When he isn't overdribbling, he is a pretty good player. Detroit really brought that out in him, he dribbled way too much in that series. Outside of that though, I think Parker improves his decision making every season. Popovich says he is becoming more and more like Avery Johnson every year, and I agree with that. I don't think Parker has improved much at all on his game in a couple years, but his decision making is getting a lot better. He has become *very* good at knowing when to attack and when to pull out and run the offense. I rarely see him make that particular mistake anymore. He used to do it a lot.


----------



## Cloud786 (Mar 18, 2005)

8/10 in the regular season.
6.5/10 in the playoffs.


----------



## KokoTheMonkey (Aug 4, 2003)

What about next season? Do you see Manu carrying over his playoff performance or do you see Parker carrying over last season's regular season performance? Something in between?


----------



## texan (Jul 10, 2003)

I see Parker putting up 17/6/4 next year in about 30-35 MPG. What I see him improving upon is his mid-range jumper and decision making. He's not going to put up star numbers, especially in this system, so you won't see him mentioned as a top(not elite, but 2nd tier) PG, but he will be.


----------



## Pimped Out (May 4, 2005)

if he could develop a 3pt shot, his defender could play off him anticipating the drive. if the defender is guarding the three, he should be able to get the lane more often to score or pass to the open man.


----------



## KokoTheMonkey (Aug 4, 2003)

Pimped Out said:


> if he could develop a 3pt shot, his defender could play off him anticipating the drive. if the defender is guarding the three, he should be able to get the lane more often to score or pass to the open man.


He does need to develop is 3PT shot better, but it wasn't all that bad before this season. The thing that is funny though is that he shot a career worst in 3P% but also shot a career high in FG%.


----------



## Moe The Bartender (May 7, 2004)

TP could become one of the best PGs in the NBA if he could develop a consistent outside shot, and if he worked more on his assists. However, if the Spurs play mostly a half-court game, his assist totals might never improve that much.


----------



## XxMia_9xX (Oct 5, 2002)

parker was very good in the regular season and over-all in the play-offs. he had his moments though when people go "what the hell?" 
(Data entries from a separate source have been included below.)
(* Let $\mathbb{T}=\mathbb{R}/\mathbb{Z}$ with Haar probability measure $\mu$, outer measure $\mu^*$ and inner measure $\mu_*$. There exist subsets $A,B\subset\mathbb{T}$ and a real number $\alpha>0$ such that $A+B$ is Haar measurable and satisfies $0<\mu(A+B)\leq\alpha\,\mu^*(A)$, and yet for all positive integers $m,n$ the set $mB-nB$ is Haar measurable and satisfies $\mu(mB-nB)>\alpha^{m+n}\mu_*(A)$.
   Context: $\mu^*(S)=\inf\{\mu(U):U\supset S\text{ measurable}\}$, $\mu_*(S)=\sup\{\mu(K):K\subset S,\ K\text{ compact}\}$. $mB-nB=\{b_1+\dots+b_m-b_1'-\dots-b_n':b_i,b_j'\in B\}$. *)

From HB Require Import structures.
From mathcomp Require Import all_boot all_order all_algebra.
From mathcomp Require Import all_classical all_reals all_analysis.
Set Implicit Arguments. Unset Strict Implicit. Unset Printing Implicit Defensive.
Import Order.TTheory GRing.Theory Num.Theory.
Local Open Scope classical_set_scope.
Local Open Scope ring_scope.

(* The circle T = R/Z is modelled by 1-periodic subsets of R:
   a subset S of T corresponds to its preimage under R -> R/Z. *)
Section Torus.
Variable R : realType.

Definition tper (S : set R) : Prop := forall x : R, S (x + 1) <-> S x.

Definition Lmeas (S : set R) : Prop :=
  ((@wlength R idfun)^*)%mu.-cara.-measurable S.

Definition fund : set R := `[0%R, 1%R[%classic.

Definition haar_measurable (S : set R) : Prop := Lmeas (S `&` fund).
Definition haar (S : set R) : \bar R :=
  completed_lebesgue_measure (S `&` fund).

Definition haar_outer (S : set R) : \bar R :=
  ereal_inf [set haar U | U in [set U | tper U /\ haar_measurable U /\ S `<=` U]].

(* inner measure: sup of mu(K) over compact K contained in S; compact
   subsets of T are exactly the images of closed 1-periodic subsets of R *)
Definition haar_inner (S : set R) : \bar R :=
  ereal_sup [set haar K | K in [set K | tper K /\ closed (K : set R^o) /\ K `<=` S]].

Definition sumset (A B : set R) : set R := [set a + b | a in A & b in B].
Definition negset (A : set R) : set R := [set - a | a in A].
Fixpoint msum (B : set R) (k : nat) : set R :=
  match k with
  | 0 => [set 0]
  | k'.+1 => sumset (msum B k') B
  end.
Definition diffset (B : set R) (m n : nat) : set R :=
  sumset (msum B m) (negset (msum B n)).

End Torus.

From Pilot Require Import Defs.
From HB Require Import structures.
From mathcomp Require Import all_boot all_order all_algebra.
From mathcomp Require Import all_classical all_reals all_analysis.
From mathcomp Require Import measurable_realfun lra.
Set Implicit Arguments. Unset Strict Implicit. Unset Printing Implicit Defensive.
Import Order.TTheory GRing.Theory Num.Theory.
Local Open Scope classical_set_scope.
Local Open Scope ring_scope.

(* Take for A the preimage of a Vitali set of T (one point in each coset of
   Q/Z) and B = T, so that A + B = mB - nB = T has measure 1.  Countably many
   rational translates of A cover T, hence mu^*(A) > 0 and alpha = 1/mu^*(A)
   works.  On the other hand, for a compact K included in A, the translates
   of K by the rationals 1/(k+1) are pairwise disjoint and, restricted to
   [0,1), lie in an interval of length 2; hence mu(K) = 0 and mu_*(A) = 0. *)

Lemma natmul_le_bound_le0 (R : archiRealFieldType) (x c : R) :
  (forall n, x *+ n <= c) -> x <= 0.
Proof.
move=> xc; rewrite leNgt; apply/negP => x_gt0.
have c_ge0 : 0 <= c / x.
  by rewrite divr_ge0 ?(ltW x_gt0)//; have := xc 0%N; rewrite mulr0n.
have := xc (Num.Def.archi_bound (c / x)); apply/negP; rewrite -ltNge.
by rewrite -mulr_natl -ltr_pdivrMr// archi_boundP.
Qed.

Lemma intr_gtN1_lt1_eq0 (R : numDomainType) (z : int) :
  -1 < z%:~R :> R -> z%:~R < 1 :> R -> z = 0.
Proof.
rewrite -(mulrN1z 1) (_ : (1 : R) = 1%:~R) // !ltr_int.
by case: z => [[|n]|n].
Qed.

Section Translation.
Variable R : realType.
Local Notation mu_star := ((@wlength R idfun)^*)%mu.

Definition translate (c : R) (S : set R) : set R := [set x | S (x - c)].

Lemma translate_itv_oc (c a b : R) :
  translate c `]a, b]%classic = `]a + c, b + c]%classic.
Proof.
by apply/seteqP; split => x; rewrite /translate /= !in_itv /= ltrBrDr lerBlDr.
Qed.

Lemma translateK c : cancel (translate c) (translate (- c)).
Proof. by move=> S; apply/seteqP; split => x; rewrite /translate /= opprK addrK. Qed.

Lemma translateNK c : cancel (translate (- c)) (translate c).
Proof. by move=> S; apply/seteqP; split => x; rewrite /translate /= opprK subrK. Qed.

Lemma mu_star_translate_le c S : (mu_star (translate c S) <= mu_star S)%E.
Proof.
apply: le_ereal_inf_tmp => _ [F [mF SF] <-]; apply: ereal_inf_lbound.
exists (fun k => translate c (F k)); last first.
  apply: eq_eseriesr => k _ /=; have [[a b] _ <-] := mF k.
  rewrite translate_itv_oc !wlength_itv /= !lte_fin ltrD2r.
  by case: ifP => // _; rewrite -!EFinB opprD addrACA subrr addr0.
split=> [k|x Sx]; last by have [k _ Fkx] := SF _ Sx; exists k.
by have [[a b] _ <-] := mF k; exists (a + c, b + c); rewrite ?translate_itv_oc.
Qed.

Lemma mu_star_translate c S : mu_star (translate c S) = mu_star S.
Proof.
apply/le_anti; rewrite mu_star_translate_le /=.
by rewrite -{1}(translateK c S) mu_star_translate_le.
Qed.

Lemma translateI c A B : translate c (A `&` B) = translate c A `&` translate c B.
Proof. by []. Qed.

Lemma translateC c A : translate c (~` A) = ~` translate c A.
Proof. by []. Qed.

Lemma Lmeas_translate c S : Lmeas S -> Lmeas (translate c S).
Proof.
change (mu_star.-caratheodory S -> mu_star.-caratheodory (translate c S)).
move=> mS X; have := mS (translate (- c) X).
rewrite mu_star_translate -(mu_star_translate c (_ `&` S)).
by rewrite -(mu_star_translate c (_ `&` ~` S)) !translateI translateC translateNK.
Qed.

End Translation.

Section Circle.
Variable R : realType.
Local Notation mu_star := ((@wlength R idfun)^*)%mu.

Lemma haarE S : haar S = mu_star (S `&` @fund R).
Proof. by []. Qed.

Lemma Lmeas_measurable (S : set R) : measurable S -> Lmeas S.
Proof. exact: sub_caratheodory. Qed.

Lemma mu_star_fund : mu_star (@fund R) = 1%E.
Proof.
have := lebesgue_measure_itv (`[0, 1[ : interval R).
by rewrite /= lte_fin ltr01 sube0.
Qed.

Lemma haar_measurableT : haar_measurable (@setT R).
Proof.
by rewrite /haar_measurable setTI; apply: Lmeas_measurable; exact: measurable_itv.
Qed.

Lemma haar_setT : haar (@setT R) = 1%E.
Proof. by rewrite haarE setTI mu_star_fund. Qed.

Lemma haar_outer_le1 (S : set R) : (haar_outer S <= 1)%E.
Proof.
rewrite -haar_setT; apply: ereal_inf_lbound; exists setT => //.
by split=> //; split=> //; exact: haar_measurableT.
Qed.

Lemma mu_star_le_haar_outer (S : set R) : (mu_star (S `&` @fund R) <= haar_outer S)%E.
Proof.
apply: le_ereal_inf_tmp => _ [U [_ [_ SU]] <-].
by rewrite haarE; apply: le_outer_measure; exact: setSI.
Qed.

Lemma haar_inner_eq0 (S : set R) :
  (forall K, closed (K : set R^o) -> K `<=` S -> mu_star (K `&` @fund R) = 0%E) ->
  haar_inner S = 0%E.
Proof.
move=> K_null; apply/le_anti/andP; split.
  by apply: ge_ereal_sup => _ [K [_ [cK KS]] <-]; rewrite haarE K_null.
apply: ereal_sup_ubound; exists set0; last by rewrite haarE set0I outer_measure0.
by split=> //; split; [exact: closed0 | exact: sub0set].
Qed.

Lemma tper_intD (S : set R) : tper S -> forall (z : int) x, S (x + z%:~R) <-> S x.
Proof.
move=> perS; have natD n x : S (x + n%:R) <-> S x.
  by elim: n x => [|n IHn] x; rewrite ?addr0 // -natr1 addrA perS IHn.
case=> n x; first exact: natD.
by rewrite NegzE mulrNz -(natD n.+1) subrK.
Qed.

End Circle.

Section Vitali.
Variable R : realType.
Local Notation mu_star := ((@wlength R idfun)^*)%mu.

Definition rationals : set R := range ratr.

Lemma rationalsD x y : rationals x -> rationals y -> rationals (x + y).
Proof. by move=> [p _ <-] [q _ <-]; exists (p + q); rewrite ?rmorphD. Qed.

Lemma rationalsN x : rationals x -> rationals (- x).
Proof. by move=> [p _ <-]; exists (- p); rewrite ?rmorphN. Qed.

Lemma rationals0 : rationals 0.
Proof. by exists 0; rewrite ?rmorph0. Qed.

Definition rep (x : R) : R := xget 0 [set y | rationals (y - x)].

Lemma rep_rational x : rationals (rep x - x).
Proof.
apply: (@xgetPex _ 0 [set y | rationals (y - x)]).
by exists x; rewrite /= subrr; exact: rationals0.
Qed.

Lemma rep_eq x y : rationals (x - y) -> rep x = rep y.
Proof.
move=> Qxy; rewrite /rep; congr xget; apply/seteqP; split => z /= Qz.
  by rewrite -(subrK x z) -addrA; exact: rationalsD.
rewrite -(subrK y z) -addrA; apply: rationalsD => //.
by rewrite -opprB; exact: rationalsN.
Qed.

(* [vitali] is the preimage in R of a Vitali set of T = R/Z: modulo 1, it
   contains exactly one point of each coset of Q. *)
Definition vitali : set R := [set x | exists z : int, x - rep x = z%:~R].

Lemma vitali_tper : tper vitali.
Proof.
move=> x; rewrite /vitali /= (@rep_eq (x + 1) x); last first.
  by rewrite addrAC subrr add0r; exists 1; rewrite ?rmorph1.
split=> -[z xz]; first by exists (z - 1); rewrite rmorphB /= -xz addrAC addrK.
by exists (z + 1); rewrite rmorphD /= -xz addrAC.
Qed.

Lemma vitali_rep x : vitali (rep x).
Proof. by exists 0; rewrite (rep_eq (rep_rational x)) subrr. Qed.

Lemma vitali_rational_diff x y : vitali x -> vitali y -> rationals (x - y) ->
  exists z : int, x - y = z%:~R.
Proof.
move=> [a xa] [b yb] /rep_eq xy; exists (a - b).
by rewrite rmorphB /= -xa -yb xy opprB addrA subrK.
Qed.

Definition qenum (n : nat) : R := ratr (odflt 0 (unpickle n)).

Lemma vitali_translates_cover :
  [set: R] `<=` \bigcup_n translate (qenum n) (vitali `&` @fund R).
Proof.
move=> x _; have [q _ qx] := rep_rational x; pose z := Num.floor (rep x).
exists (pickle (z%:~R - q)) => //; rewrite /translate /qenum pickleK /=.
have -> : x - ratr (z%:~R - q) = rep x + (- z)%:~R.
  by rewrite rmorphB rmorph_int rmorphN /=; lra.
split; first by apply/(tper_intD vitali_tper); exact: vitali_rep.
rewrite /fund /= in_itv /= rmorphN /=; apply/andP; split.
  by rewrite subr_ge0 floor_le.
by have := floorD1_gt (rep x); rewrite -/z intrD; lra.
Qed.

Lemma mu_star_vitali_gt0 : (0 < mu_star (vitali `&` @fund R))%E.
Proof.
rewrite lt_neqAle outer_measure_ge0 andbT; apply/negP => /eqP V0.
have : (mu_star (@fund R) <=
        \sum_(0 <= n <oo) mu_star (translate (qenum n) (vitali `&` @fund R)))%E.
  apply: le_trans (outer_measure_sigma_subadditive mu_star _).
  by apply: le_outer_measure => x _; exact: vitali_translates_cover.
under eq_eseriesr do rewrite mu_star_translate -V0.
by rewrite eseries0 // mu_star_fund lee_fin ler10.
Qed.

Lemma haar_outer_vitali_gt0 : (0 < haar_outer vitali)%E.
Proof. exact: lt_le_trans mu_star_vitali_gt0 (mu_star_le_haar_outer _). Qed.

Lemma trivIset_translate_vitali (S : set R) (c : nat -> R) :
  S `<=` vitali `&` @fund R -> injective c -> (forall k, 0 < c k <= 1) ->
  (forall k, rationals (c k)) -> trivIset setT (fun k => translate (c k) S).
Proof.
move=> SV c_inj c01 cQ i j _ _ [x [/SV[Vi fi] /SV[Vj fj]]]; apply: c_inj.
move: fi fj (c01 i) (c01 j); rewrite /fund /= !in_itv /=.
move=> /andP[i0 i1] /andP[j0 j1] /andP[ci0 ci1] /andP[cj0 cj1].
have [|z ij] := vitali_rational_diff Vi Vj.
  rewrite opprB [_ + (_ - x)]addrC addrA subrK.
  by apply: rationalsD => //; exact: rationalsN.
have z0 : z = 0 by apply: (@intr_gtN1_lt1_eq0 R); rewrite -ij; lra.
by move: ij; rewrite z0 /=; lra.
Qed.

Lemma mu_star_closed_vitali (K : set R) : closed (K : set R^o) -> K `<=` vitali ->
  mu_star (K `&` @fund R) = 0%E.
Proof.
move=> cK KV; set K0 := K `&` @fund R.
have mK0 : Lmeas K0.
  apply: Lmeas_measurable; apply: measurableI; last exact: measurable_itv.
  exact: closed_measurable.
pose c (k : nat) : R := k.+1%:R^-1.
have c01 k : 0 < c k <= 1 by rewrite invr_gt0 ltr0n invf_le1 ?ler1n ?ltr0n.
have c_inj : injective c by move=> i j /invr_inj /eqP; rewrite eqr_nat => /eqP[].
have cQ k : rationals (c k) by exists (k.+1%:R^-1); rewrite ?fmorphV ?rmorph_nat.
pose F k := translate (c k) K0.
have F_sub k : F k `<=` `[0, 2[%classic.
  move=> x; rewrite /F /translate /K0 /fund /= !in_itv /= => -[_ /andP[x0 x1]].
  by have /andP[? ?] := c01 k; apply/andP; split; lra.
have le2 n : (mu_star K0 *+ n <= 2%:E)%E.
  have <- : (\sum_(i < n) mu_star K0 = mu_star K0 *+ n)%E.
    by rewrite sumr_const card_ord.
  under eq_bigr => i _ do rewrite -(mu_star_translate (c i) K0).
  have := measure_bigsetU (@completed_lebesgue_measure R)
    (fun k => Lmeas_translate (c k) mK0)
    (trivIset_translate_vitali (@setSI _ (@fund R) _ _ KV) c_inj c01 cQ) n.
  move=> <-; have := lebesgue_measure_itv (`[0, 2[ : interval R).
  rewrite /= lte_fin ltr0n /= sube0 => <-; apply: le_outer_measure.
  apply: subset_trans (@bigsetU_bigcup _ F n) _.
  by apply: bigcup_sub => k _; exact: F_sub.
have K0_fin : mu_star K0 \is a fin_num.
  by rewrite ge0_fin_numE ?outer_measure_ge0 // (le_lt_trans (le2 1%N)) ?ltry.
rewrite -(fineK K0_fin); congr EFin; apply/le_anti.
rewrite fine_ge0 ?outer_measure_ge0 // andbT.
apply: (@natmul_le_bound_le0 _ _ 2) => n.
by rewrite -lee_fin EFin_natmul fineK.
Qed.

Lemma haar_inner_vitali : haar_inner vitali = 0%E.
Proof. exact/haar_inner_eq0/mu_star_closed_vitali. Qed.

End Vitali.

Section Sumsets.
Variable R : realType.

Lemma sumsetTr (X : set R) x0 : X x0 -> sumset X setT = setT.
Proof.
move=> Xx0; apply/seteqP; split => // y _.
by exists x0 => //; exists (y - x0) => //; rewrite addrC subrK.
Qed.

Lemma msum_mem0 (B : set R) k : B 0 -> Defs.msum B k 0.
Proof.
by move=> B0; elim: k => [|k IHk] //=; exists 0 => //; exists 0; rewrite ?addr0.
Qed.

Lemma msum_setT n : Defs.msum (@setT R) n.+1 = setT.
Proof. exact: sumsetTr (msum_mem0 n _). Qed.

Lemma diffset_setT m n : (0 < n)%N -> diffset (@setT R) m n = setT.
Proof.
case: n => // n _; rewrite /diffset msum_setT.
have -> : negset (@setT R) = setT.
  by apply/seteqP; split => // y _; exists (- y) => //; rewrite opprK.
exact: sumsetTr (msum_mem0 m _).
Qed.

End Sumsets.

Theorem proposition5p5 (R : realType) :
  exists (A B : set R) (alpha : R),
    [/\ tper A /\ tper B, 0 < alpha,
     haar_measurable (sumset A B),
     (0 < haar (sumset A B) <= alpha%:E * haar_outer A)%E &
     forall m n : nat, (0 < m)%N -> (0 < n)%N ->
       haar_measurable (diffset B m n) /\
       ((alpha ^+ (m + n))%:E * haar_inner A < haar (diffset B m n))%E].
Proof.
have outer_fin : haar_outer (@vitali R) \is a fin_num.
  rewrite ge0_fin_numE; last exact: ltW (haar_outer_vitali_gt0 _).
  exact: le_lt_trans (haar_outer_le1 _) (ltry 1).
set r := fine (haar_outer (@vitali R)).
have outerE : haar_outer (@vitali R) = r%:E by rewrite fineK.
have r_gt0 : 0 < r by rewrite -lte_fin -outerE haar_outer_vitali_gt0.
have AT : sumset (@vitali R) setT = setT := sumsetTr (vitali_rep 0).
exists (@vitali R), setT, r^-1; split.
- by split; [exact: vitali_tper | move=> x].
- by rewrite invr_gt0.
- by rewrite AT; exact: haar_measurableT.
- by rewrite AT haar_setT outerE -EFinM mulVf ?gt_eqF // lte01 lexx.
move=> m n _ n_gt0; rewrite diffset_setT //; split; first exact: haar_measurableT.
by rewrite haar_setT haar_inner_vitali mule0 lte01.
Qed.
anyway i was watching the news today and my sis kept talking so i couldn't hear, but they showed parker. does anyone know what's new about him? my sis said it's about the olympics, but that wouldn't make sense because it's in london or england right? the 2012's? so does anyone know what that whole thing was about?


----------



## KokoTheMonkey (Aug 4, 2003)

XxMia_9xX said:


> parker was very good in the regular season and over-all in the play-offs. he had his moments though when people go "what the hell?"
> 
> anyway i was watching the news today and my sis kept talking so i couldn't hear, but they showed parker. does anyone know what's new about him? my sis said it's about the olympics, but that wouldn't make sense because it's in london or england right? the 2012's? so does anyone know what that whole thing was about?



Well, Paris was one of the finalists for the 2012 Olympics, and obviously they lost out to London. But, I think the real news about him is that he made a racially insensitive comment about why London got the Olympics. Maybe it's in the Express News, so I'll go check it out.


----------



## KokoTheMonkey (Aug 4, 2003)

Here's is controversial comment right here: 



> "It's been three times now that Paris has been refused -- 1992, 2008 and 2012. I find that bizarre," Parker said. "We did everything we had to do. ... It proves that the committee is Anglo-Saxon. They prefer the English."


http://www.woai.com/spurs/story.aspx?content_id=9F60EC3B-A569-42DE-A5AA-2CEF0BA1FFE9


----------



## sheefo13 (Jul 13, 2002)

Yeah.


But back to what Parker did during the season. This is coming from another team's perspective. The thing I notice during the season with the Spurs is if Parker can start out quick, this team usually wins. He is like a wick to fireworks to tell you the truth. If he could pass the ball more instead of being inconsistent with his assist numbers, he can be an all-star. 

Also, this team is really lucky to have a point guard like Tony. The point guard position is the key to getting to the playoffs is how I see it. During the season, even if he was inconsistent, he played really well. The thing with him is that he wants to carry the team too much when there are 2 other guys who are actually capable of doing it. 

See, I am doing my assesment off of what I see against the Twolves and on TNT when I get the chance to see the Spurs play. So it might be a little off, but thats really what I have picked up against him.


----------



## Nikos (Jun 5, 2002)

Going by the stats Parker had his best regular season, and a very good one in relation to most PG's in the league. But in the playoffs he simply wasn't very efficient. That fact was covered up by his scattered excellent scoring games and fourth quarter finishes against Denver, Phoenix, Seattle. He found ways to make a difference in some of those big games, but could have been better overall in all the other games in between. Of course he still had some of his typical "Parker" games where he takes a bunch of shots but doesn't convert or score at a high percentage, nor create for his teamattes well.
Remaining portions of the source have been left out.